Health care facility famous types:

1- Hospital (General Medical and Surgical)

Hospitals are Buildings used as diagnostic and treatment facilities for inpatient care. it applies to a general medical and surgical hospital that is either a stand-alone building or a campus of buildings.

These facilities provide acute care services including emergency medical care, physician's office services, diagnostic care, ambulatory care, surgical care, and limited specialty services such as rehabilitation and cancer care.

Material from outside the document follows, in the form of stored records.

(* In the linear setting of the context, suppose $f(\phi_{\min})<0$. Then for every $A>0$ and every $Q_A\in\mathbb R$, setting $z=Q_A/A$, the linear pump-leak system has a unique steady state $(\mathbf c^*,v^*,\phi^* )$; the map $(A,Q_A)\mapsto v^*$ is $C^1$ on $(0,\infty)\times\mathbb R$ and $$\frac{\partial v^*}{\partial A}=\Big(\big(\tfrac{Q_A}{v^*}\big)^2+f''(\phi^* )\tfrac{A}{v^*}\Big)^{-1}f''(\phi^* )>0,\qquad \frac{\partial v^*}{\partial Q_A}=\Big(\big(\tfrac{Q_A}{v^*}\big)^2+f''(\phi^* )\tfrac{A}{v^*}\Big)^{-1}\frac{Q_A}{v^*}.$$
   Context: Fix an integer $N\ge2$, real valences $z_1,\dots,z_N$ not all zero, positive constants $c_1^{\rm e},\dots,c_N^{\rm e}$ with $\sum_kz_kc_k^{\rm e}=0$. Let $L$ be a real symmetric positive definite $N\times N$ matrix, $\mathbf p\in\mathbb R^N$ constant, $\zeta>0$, $\mathbf q=L^{-1}\mathbf p$, and $f(\phi)=\sum_k c_k^{\rm e}(\exp(-q_k-z_k\phi)-1)$, which has a unique minimizer $\phi_{\min}$ on $\mathbb R$. For $A>0$ and real $z$, and $\mathbf c\in(0,\infty)^N$, $v>0$, $\phi\in\mathbb R$, set $\mu_k=\ln(c_k/c_k^{\rm e})+z_k\phi$, $\pi_{\rm w}=\sum_kc_k^{\rm e}-(\sum_kc_k+A/v)$. The linear pump-leak system is $\frac{d}{dt}(v\mathbf c)=-L\boldsymbol\mu-\mathbf p$, $0=\sum_kz_kc_k+zA/v$, $\frac{dv}{dt}=-\zeta\pi_{\rm w}$; a steady state is a point $(\mathbf c,v,\phi)\in(0,\infty)^N\times(0,\infty)\times\mathbb R$ with $\sum_kz_kc_k+zA/v=0$, $L\boldsymbol\mu+\mathbf p=0$, $\pi_{\rm w}=0$. *)

(* classical reals. Vectors in R^N are functions nat -> R,
   only their values at indices 0..N-1 matter; matrices are nat -> nat -> R. *)
From Stdlib Require Import Reals Lra Lia.
Open Scope R_scope.

Fixpoint sumN (n : nat) (g : nat -> R) : R :=
  match n with
  | O => 0
  | S m => sumN m g + g m
  end.

Definition fpot (N : nat) (z ce q : nat -> R) (phi : R) : R :=
  sumN N (fun k => ce k * (exp (- q k - z k * phi) - 1)).

(* f''(phi) = sum_k ce_k z_k^2 exp(-q_k - z_k phi)  (explicit second derivative of fpot) *)
Definition fpot2 (N : nat) (z ce q : nat -> R) (phi : R) : R :=
  sumN N (fun k => ce k * (z k)^2 * exp (- q k - z k * phi)).

Definition mu (z ce c : nat -> R) (phi : R) (k : nat) : R :=
  ln (c k / ce k) + z k * phi.

Definition piw (N : nat) (ce c : nat -> R) (A v : R) : R :=
  sumN N ce - (sumN N c + A / v).

(* steady state of the linear pump-leak system with parameters A, z (impermeant) *)
Definition steady_state (N : nat) (z ce : nat -> R) (L : nat -> nat -> R)
    (p : nat -> R) (A zA : R) (c : nat -> R) (v phi : R) : Prop :=
  (forall k, (k < N)%nat -> 0 < c k) /\ 0 < v /\
  sumN N (fun k => z k * c k) + zA * A / v = 0 /\
  (forall i, (i < N)%nat -> sumN N (fun j => L i j * mu z ce c phi j) + p i = 0) /\
  piw N ce c A v = 0.

Definition continuous2_at (g : R -> R -> R) (a b : R) : Prop :=
  forall eps, 0 < eps -> exists delta, 0 < delta /\
    forall a' b', Rabs (a' - a) < delta -> Rabs (b' - b) < delta ->
      Rabs (g a' b' - g a b) < eps.

(* Positive definiteness of [L] forces [mu = -q] at a steady state, so the concentrations are
   Boltzmann distributed, [c_k = ce_k exp (-q_k - z_k phi)].  Osmotic balance then reads
   [A / v = - f phi] and electroneutrality [f' phi = z A / v], so [phi] solves
   [f' phi / - f phi = z] with [f phi < 0].  Both signs of valence occur, hence the strictly
   convex [f] is positive far out on both sides, and [f' / - f] is a strictly increasing
   bijection from the interval [f < 0] onto [R].  Its inverse is differentiable by the inverse
   function theorem, and [v = A / - f (phi (Q_A / A))] is differentiated by the chain rule. *)

From Stdlib Require Import Reals Ranalysis5 Lra Lia ClassicalEpsilon.
From Coquelicot Require Import Coquelicot.
Set Bullet Behavior "Strict Subproofs".
Open Scope R_scope.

The definition of Hospital accounts for all space types that are located within the Hospital building/campus, such as medical offices, administrative offices, and skilled nursing. The total floor area should include the aggregate floor area of all buildings on the campus as well as all supporting functions such as: stairways, connecting corridors between buildings, medical offices, exam rooms, laboratories, lobbies, atria, cafeterias, storage areas, elevator shafts, and any space affiliated with emergency medical care, or diagnostic care.

2- Medical Office/ clinic

Medical Office applies to facility space used to provide diagnosis and treatment for medical, dental, or psychiatric outpatient care where patients are not regularly kept as bed patients for twenty-four hours or more. The total gross floor area should include all supporting functions such as kitchens used by staff, laboratories, lobbies, atria, conference rooms and auditoria, fitness areas for staff, storage areas, stairways, elevator shafts, etc.

3- "Nursing home," "nursing home unit" or "long-term care unit"

It refers to buildings having a group of beds for the accommodation of patients who, because of chronic illness or physical infirmities, require skilled nursing care and related medical services but are not acutely ill and not in need of the highly technical or specialized services ordinarily a part of hospital care.

4- "Ambulatory surgical facility or Ambulatory Health Care Center

It refers to a facility, not a part of a hospital, providing surgical treatment to patients not requiring inpatient care in a hospital.

Preliminary design phase (planning) for health care facilities

During this phase, preliminary design data is gathered from administrators and staff of the health care facility, the local utility, and authorities having jurisdiction over electrical construction. All relevant national, state, and local codes, and facility design guidelines, should be reviewed.

Two national codes having a major affect on health care power distribution design are The National Electrical Code (NEC) (NFPA 70-1996).

NFPA 99-1996, Health Care Facilities.

In addition, the architectural plans and existing site conditions should be examined from an electrical system perspective to determine potential problems and needs. The following issues should be addressed during the system planning phase of the design:

1- Reliability:Alternative power systems may be authorized, but are limited to serving certain essential loads for critical, hospital, and other special facilities and loads as identified therein. The designer shall consider the location and space for essential electrical system components in order to limit interruptions caused by localized natural conditions, such as floods and earthquakes. Essential systems will be designed to function after seismic events occur. Non-essential systems may be inoperable, but components will be constrained to avoid personnel injury, or damage to other building components.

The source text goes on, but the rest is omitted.